══ Source material

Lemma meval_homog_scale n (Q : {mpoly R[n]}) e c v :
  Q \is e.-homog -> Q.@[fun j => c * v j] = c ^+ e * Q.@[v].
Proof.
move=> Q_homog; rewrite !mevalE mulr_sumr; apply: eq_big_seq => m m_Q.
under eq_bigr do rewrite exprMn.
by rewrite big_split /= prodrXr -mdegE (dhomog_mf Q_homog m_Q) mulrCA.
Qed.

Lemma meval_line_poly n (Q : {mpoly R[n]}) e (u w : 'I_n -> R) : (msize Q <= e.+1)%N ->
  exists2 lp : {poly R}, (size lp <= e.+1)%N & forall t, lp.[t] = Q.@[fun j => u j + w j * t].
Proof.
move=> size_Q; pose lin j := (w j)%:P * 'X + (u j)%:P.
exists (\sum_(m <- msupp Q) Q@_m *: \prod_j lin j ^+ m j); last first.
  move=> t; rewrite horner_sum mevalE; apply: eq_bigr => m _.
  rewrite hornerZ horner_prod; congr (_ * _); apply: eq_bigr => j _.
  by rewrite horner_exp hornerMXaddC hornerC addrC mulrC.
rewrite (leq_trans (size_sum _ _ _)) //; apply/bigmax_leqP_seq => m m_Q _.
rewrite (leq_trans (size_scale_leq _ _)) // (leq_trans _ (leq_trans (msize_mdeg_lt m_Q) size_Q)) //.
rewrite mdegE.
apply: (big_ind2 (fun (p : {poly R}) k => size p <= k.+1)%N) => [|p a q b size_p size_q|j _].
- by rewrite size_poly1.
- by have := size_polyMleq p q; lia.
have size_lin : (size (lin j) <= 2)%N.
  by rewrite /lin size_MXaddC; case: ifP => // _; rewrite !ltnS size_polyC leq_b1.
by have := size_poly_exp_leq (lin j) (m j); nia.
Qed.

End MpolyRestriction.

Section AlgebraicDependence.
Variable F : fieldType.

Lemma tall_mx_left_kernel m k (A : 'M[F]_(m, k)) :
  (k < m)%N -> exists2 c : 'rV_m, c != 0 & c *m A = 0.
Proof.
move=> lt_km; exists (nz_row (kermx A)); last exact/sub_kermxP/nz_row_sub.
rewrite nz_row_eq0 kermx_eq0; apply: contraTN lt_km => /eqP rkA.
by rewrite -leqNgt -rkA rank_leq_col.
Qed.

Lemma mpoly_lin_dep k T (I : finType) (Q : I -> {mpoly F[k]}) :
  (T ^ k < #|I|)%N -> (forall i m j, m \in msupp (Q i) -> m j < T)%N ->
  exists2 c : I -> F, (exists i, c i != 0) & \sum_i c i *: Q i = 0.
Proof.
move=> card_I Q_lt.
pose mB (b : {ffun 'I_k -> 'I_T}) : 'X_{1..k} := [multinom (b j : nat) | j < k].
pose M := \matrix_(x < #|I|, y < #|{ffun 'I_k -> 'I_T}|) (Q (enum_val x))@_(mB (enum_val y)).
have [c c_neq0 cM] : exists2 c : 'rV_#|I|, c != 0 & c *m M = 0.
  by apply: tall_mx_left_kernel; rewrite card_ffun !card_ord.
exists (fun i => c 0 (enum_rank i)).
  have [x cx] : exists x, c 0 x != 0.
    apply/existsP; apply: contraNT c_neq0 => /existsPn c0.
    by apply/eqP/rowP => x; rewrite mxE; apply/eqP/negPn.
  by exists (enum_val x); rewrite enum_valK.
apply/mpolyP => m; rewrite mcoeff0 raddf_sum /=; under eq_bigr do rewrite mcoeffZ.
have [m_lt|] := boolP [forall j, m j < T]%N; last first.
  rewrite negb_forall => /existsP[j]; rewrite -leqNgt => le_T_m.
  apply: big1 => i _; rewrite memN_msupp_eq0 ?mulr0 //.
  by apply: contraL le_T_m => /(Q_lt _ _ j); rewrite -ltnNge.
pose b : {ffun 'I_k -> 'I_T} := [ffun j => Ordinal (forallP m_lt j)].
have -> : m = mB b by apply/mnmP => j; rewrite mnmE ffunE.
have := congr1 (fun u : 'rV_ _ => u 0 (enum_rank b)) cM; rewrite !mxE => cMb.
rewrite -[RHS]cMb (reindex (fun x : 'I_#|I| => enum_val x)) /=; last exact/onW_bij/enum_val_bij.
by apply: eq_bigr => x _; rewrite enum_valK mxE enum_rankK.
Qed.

════

## Problem to work on
The line containing "by apply: eq_bigr" marks the start. Repeat it and every line after it to the end of the listing above, exactly.

## Result of the exercise
by apply: eq_bigr => x _; rewrite enum_valK mxE enum_rankK.
Qed.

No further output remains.